The input to each trace will be displayed as the user message while the output will be displayed as the AI assistant response.

Thread ID Best Practices

Generating Thread IDs

Choose a thread ID strategy that fits your application:

1import uuid
2import opik
3
4# Generate unique thread ID per user session
5user_id = "user_12345"
6session_start_time = "2024-01-15T10:30:00Z"
7thread_id = f"{user_id}-{session_start_time}"
8
9@opik.track
10def process_user_message(message, user_id):
11 return "Response to: " + message
12
13process_user_message("What is Opik ?", opik_args={"trace": {"thread_id": thread_id}})

Integration-Specific Threading

Different integrations handle thread IDs in various ways:

1from opik.integrations.langchain import OpikTracer
2
3# Set thread_id at tracer level - applies to all traces
4opik_tracer = OpikTracer(
5 project_name="my-chatbot",
6 thread_id="conversation-123"
7)
8
9# Or pass dynamically via metadata
10chain.invoke(
11 {"input": "Hello"},
12 config={
13 "callbacks": [opik_tracer],
14 "metadata": {"thread_id": "dynamic-conversation-456"}
15 }
16)

Reviewing conversations

Conversations can be viewed at a project level in the threads tab. All conversations are tracked and by clicking on the thread ID you will be able to view the full conversation.

The thread view supports markdown making it easier for you to review the content that was returned to the user. If you would like to dig in deeper, you can click on the View trace button to deepdive into how the AI assistant response was generated.
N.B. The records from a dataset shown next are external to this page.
(* Let $s\ge1$ and let constants $M,N,m_1,m_2,n_1,n_2$ satisfy $0<N<1$, $M>N+s$, $n_1>1+\sqrt3$, $n_2>1$, $m_1>\sqrt2$ and $$m_2>\max\Big[n_2,\ \Big(\frac{m_1n_1+Mm_1^2n_1+n_1^2}{m_1^2}\Big)^{1/(1-N)},\ \Big(\frac{n_1}{2m_1}(1+\sqrt5)\Big)^{1/(M-N-s)}\Big].$$ Set $m(0)=m_1m_2^M$, $n(0)=n_1n_2^N$. Consider the system $$\dot b=-\tfrac12 b^2-(t+1)^s a^2-a+1,\qquad \dot a=-ba,$$ and let $\Omega=\{(a,b)\in\mathbb R^2:\ a>0,\ b>0,\ b>m(0)a-n(0)\}$. If $(a_0,b_0)\in\Omega$, then $0<b(t)$ and $a(t)\le a_0$ for all $t\ge0$. *)

From Stdlib Require Import Reals.
From Coquelicot Require Import Coquelicot.
Open Scope R_scope.

Definition m2_bound (s M N m1 n1 n2 : R) : R :=
  Rmax n2
    (Rmax (Rpower ((m1 * n1 + M * m1 ^ 2 * n1 + n1 ^ 2) / m1 ^ 2) (1 / (1 - N)))
          (Rpower (n1 / (2 * m1) * (1 + sqrt 5)) (1 / (M - N - s)))).

Definition m0 (M m1 m2 : R) : R := m1 * Rpower m2 M.
Definition n0 (N n1 n2 : R) : R := n1 * Rpower n2 N.

Definition Omega (M N m1 m2 n1 n2 : R) (a b : R) : Prop :=
  0 < a /\ 0 < b /\ b > m0 M m1 m2 * a - n0 N n1 n2.

From Stdlib Require Import Reals Lra Psatz Classical.
From Coquelicot Require Import Coquelicot.
Open Scope R_scope.

(* Write n = n(0), m(t) = m1 (m2 + t)^M and G = b - m(t) a + n, so that Omega says that
   a, b and G are positive at t = 0.  They stay positive for all t >= 0: at a first time T
   where one of them vanishes, a cannot, since a' = -b a is linear in a; and a function
   that is positive before T and vanishes at T has a nonpositive derivative there, whereas
   b' > 0 where b = 0 <= G and G' > 0 where G = 0 <= b (with a >= 0).  Scaling by powers of P = m2 + T, with
   u = n / m(T), the first estimate reduces to y + y^2 < 1 for y < (sqrt 5 - 1) / 2 (the
   third term of the bound on m2), the second to positivity of G' at a = u (the second
   term) and its monotonicity in a beyond u (from m1 (n1 - 1) > sqrt 6).  Finally
   a' = -b a < 0 gives a(t) <= a(0). *)

Lemma Rpower_gt_0 (x y : R) : 0 < Rpower x y.
Proof. apply exp_pos. Qed.

Lemma Rpower_ge_1 (x y : R) : 1 <= x -> 0 <= y -> 1 <= Rpower x y.
Proof. intros Hx Hy. rewrite <- (Rpower_O x) by lra. apply Rle_Rpower; lra. Qed.

Lemma Rle_Rpower_l_nonpos (x y z : R) : z <= 0 -> 0 < x <= y -> Rpower y z <= Rpower x z.
Proof.
  intros Hz Hxy. replace z with (- - z) by ring. rewrite !(Rpower_Ropp _ (- z)).
  apply Rinv_le_contravar; [apply Rpower_gt_0|apply Rle_Rpower_l; lra].
Qed.

(* If [c ^ (1/x) < m <= P] then [c < m ^ x <= P ^ x]. *)
Lemma Rpower_root_bound (c x m P : R) :
  0 < c -> 0 < x -> Rpower c (1 / x) < m -> m <= P -> c * Rpower P (- x) < 1.
Proof.
  intros Hc Hx Hcm HmP.
  assert (Hm : 0 < m) by (pose proof (Rpower_gt_0 c (1 / x)); lra).
  assert (Hcx : c < Rpower m x).
  { rewrite <- (Rpower_1 c) at 1 by exact Hc.
    replace 1 with (1 / x * x) by (field; lra). rewrite <- Rpower_mult.
    apply Rlt_Rpower_l; [exact Hx|split; [apply Rpower_gt_0|exact Hcm]]. }
  assert (HPm : Rpower P (- x) <= / Rpower m x).
  { rewrite <- Rpower_Ropp. apply Rle_Rpower_l_nonpos; lra. }
  pose proof (Rpower_gt_0 m x).
  apply Rle_lt_trans with (c * / Rpower m x); [apply Rmult_le_compat_l; lra|].
  apply (Rmult_lt_reg_r (Rpower m x)); [lra|]. field_simplify; lra.
Qed.

Lemma real_induction (P : R -> Prop) :
  P 0 ->
  (forall T, 0 < T -> (forall u, 0 <= u < T -> P u) -> P T) ->
  (forall T, 0 <= T -> P T -> at_right T P) ->
  forall t, 0 <= t -> P t.
Proof.
  intros H0 Hstep Hopen t Ht.
  set (E := fun x => x <= t /\ forall u, 0 <= u <= x -> P u).
  assert (HE0 : E 0) by (split; [lra|intros u Hu; replace u with 0 by lra; exact H0]).
  destruct (completeness E) as [T [HTub HTlub]].
  { exists t. intros x Hx; apply Hx. }
  { exists 0; exact HE0. }
  assert (HT0 : 0 <= T) by exact (HTub 0 HE0).
  assert (HTt : T <= t) by (apply HTlub; intros x Hx; apply Hx).
  assert (Hbefore : forall u, 0 <= u < T -> P u).
  { intros u Hu. apply NNPP; intros HPu.
    enough (T <= u) by lra.
    apply HTlub; intros x [_ Hx].
    destruct (Rle_lt_dec x u) as [Hxu|Hux]; [exact Hxu|].
    exfalso; apply HPu, Hx; lra. }
  assert (HPT : P T).
  { destruct (Req_dec T 0) as [->|HT0']; [exact H0|]. apply Hstep; [lra|exact Hbefore]. }
  destruct (Req_dec T t) as [<-|HTt']; [exact HPT|].
  destruct (Hopen T HT0 HPT) as [eps Heps].
  assert (Hafter : forall u, T < u < T + eps -> P u).
  { intros u Hu. apply Heps; [|lra]. change (Rabs (u - T) < eps). rewrite Rabs_pos_eq; lra. }
  set (x := Rmin (T + eps / 2) t).
  assert (Hx : T < x <= t).
  { unfold x, Rmin. destruct (Rle_dec _ _); pose proof (cond_pos eps); lra. }
  enough (E x) by (pose proof (HTub x H); lra).
  split; [lra|]. intros u Hu.
  destruct (Rtotal_order u T) as [Hlt|[->|Hgt]]; [apply Hbefore; lra|exact HPT|].
  apply Hafter. split; [lra|].
  enough (x <= T + eps / 2) by (pose proof (cond_pos eps); lra). apply Rmin_l.
Qed.

Lemma continuous_of_is_derive (f : R -> R) (t l : R) :
  is_derive f t l -> filterlim f (locally t) (locally (f t)).
Proof.
  intros Hd. apply (ex_derive_continuous (K := R_AbsRing) (V := R_NormedModule)).
  exists l; exact Hd.
Qed.

Lemma MVT_is_derive (f df : R -> R) (x y : R) : x <= y ->
  (forall t, x <= t <= y -> is_derive f t (df t)) ->
  exists c, x <= c <= y /\ f y - f x = df c * (y - x).
Proof.
  intros Hxy Hd.
  destruct (MVT_gen f x y df) as [c Hc]; rewrite ?Rmin_left, ?Rmax_right in * by lra.
  - intros t Ht. apply Hd. lra.
  - intros t Ht. apply continuity_pt_filterlim, (continuous_of_is_derive f t (df t)), Hd, Ht.
  - exists c. exact Hc.
Qed.

Lemma nonneg_of_pos_before (f : R -> R) (T l : R) : 0 < T -> is_derive f T l ->
  (forall u, 0 <= u < T -> 0 < f u) -> 0 <= f T.
Proof.
  intros HT Hd Hpos.
  assert (Hlim : filterlim f (at_left T) (locally (f T))).
  { eapply filterlim_filter_le_1; [apply filter_le_within|].
    exact (continuous_of_is_derive f T l Hd). }
  assert (Hev : at_left T (fun u => 0 <= f u)).
  { exists (mkposreal T HT). intros u Hu HuT.
    change (Rabs (u - T) < T) in Hu. apply Rabs_def2 in Hu. apply Rlt_le, Hpos. lra. }
  exact (filterlim_le (fun _ => 0) f 0 (f T) Hev (filterlim_const 0) Hlim).
Qed.

Lemma is_derive_nonpos_at_first_zero (f : R -> R) (T l : R) : 0 < T -> is_derive f T l ->
  f T = 0 -> (forall u, 0 <= u < T -> 0 < f u) -> l <= 0.
Proof.
  intros HT Hd HfT Hpos. apply Rnot_lt_le; intros Hl.
  apply is_derive_Reals in Hd. destruct (Hd l Hl) as [d Hdl].
  pose proof (cond_pos d) as Hd0.
  set (h := - Rmin d T / 2).
  assert (Hh : - d < h < 0 /\ - T < h).
  { unfold h, Rmin. destruct (Rle_dec d T); lra. }
  specialize (Hdl h ltac:(lra) ltac:(rewrite Rabs_left; lra)).
  assert (Hq : (f (T + h) - f T) / h < 0).
  { rewrite HfT, Rminus_0_r. apply Rdiv_pos_neg; [apply Hpos|]; lra. }
  apply Rabs_def2 in Hdl. lra.
Qed.

Lemma pos_of_is_derive_linear (f g : R -> R) (x y K : R) : x <= y ->
  (forall t, x <= t <= y -> is_derive f t (- g t * f t)) ->
  (forall t, x <= t <= y -> 0 <= f t /\ g t <= K) ->
  0 < f x -> 0 < f y.
Proof.
  intros Hxy Hd Hfg Hfx.
  (* [f (t) e^(K t)] is nondecreasing on [x, y] *)
  destruct (MVT_is_derive (fun t => f t * exp (K * t))
              (fun t => f t * exp (K * t) * (K - g t)) x y Hxy) as [c [Hc Hmvt]].
  { intros t Ht.
    replace (f t * exp (K * t) * (K - g t))
      with (- g t * f t * exp (K * t) + f t * (K * exp (K * t))) by ring.
    apply (is_derive_mult f (fun t => exp (K * t))); [apply Hd, Ht| |intros; apply Rmult_comm].
    auto_derive; [exact I|ring]. }
  destruct (Hfg c Hc) as [Hfc Hgc].
  pose proof (exp_pos (K * x)). pose proof (exp_pos (K * y)). pose proof (exp_pos (K * c)).
  assert (0 <= f c * exp (K * c) * (K - g c) * (y - x)).
  { repeat apply Rmult_le_pos; lra. }
  assert (0 < f y * exp (K * y)) by nra.
  nra.
Qed.

Lemma le_at_0_of_is_derive_nonpos (f df : R -> R) :
  filterlim f (at_right 0) (locally (f 0)) ->
  (forall t, 0 < t -> is_derive f t (df t)) -> (forall t, 0 < t -> df t <= 0) ->
  forall t, 0 <= t -> f t <= f 0.
Proof.
  intros Hf0 Hd Hdf t Ht.
  destruct (Req_dec t 0) as [->|Ht0]; [lra|].
  assert (Hev : at_right 0 (fun u => f t <= f u)).
  { exists (mkposreal t ltac:(lra)). intros u Hu Hu0.
    change (Rabs (u - 0) < t) in Hu. apply Rabs_def2 in Hu.
    destruct (MVT_is_derive f df u t) as [c [Hc Hmvt]]; [lra|intros; apply Hd; lra|].
    assert (df c <= 0) by (apply Hdf; lra). nra. }
  exact (filterlim_le (fun _ => f t) f (f t) (f 0) Hev (filterlim_const _) Hf0).
Qed.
By clicking on the thumbs up or thumbs down icons, you can quickly rate the AI assistant response. This feedback score will be logged and associated to the relevant trace. By switching to the trace view, you can review the full trace as well as add additional feedback scores through the annotation functionality.

Scoring conversations

You can assign conversation-level feedback scores to threads at any time. Threads are aggregated traces that are created when tracking agents or simply traces interconnected by a thread_id.

In the conversation list, you can see the feedback scores associated to each thread.

You can also tag a thread and add comments to it. This is useful to add additional context during the review process or investigate a specific conversation.

Thread Online Scoring Rule Cooldown Period

For thread-level online evaluation rules (automatic scoring), Opik waits for a “cooldown period” after the last activity in a thread before running the rules. This gives conversations time to settle before automatic evaluation.

By default, the cooldown period is 15 minutes. You can change this value by setting the OPIK_TRACE_THREAD_TIMEOUT_TO_MARK_AS_INACTIVE environment variable (if you are using the Opik self-hosted version). On cloud, you can change this setting at workspace level under “Thread online scoring rule cooldown period”.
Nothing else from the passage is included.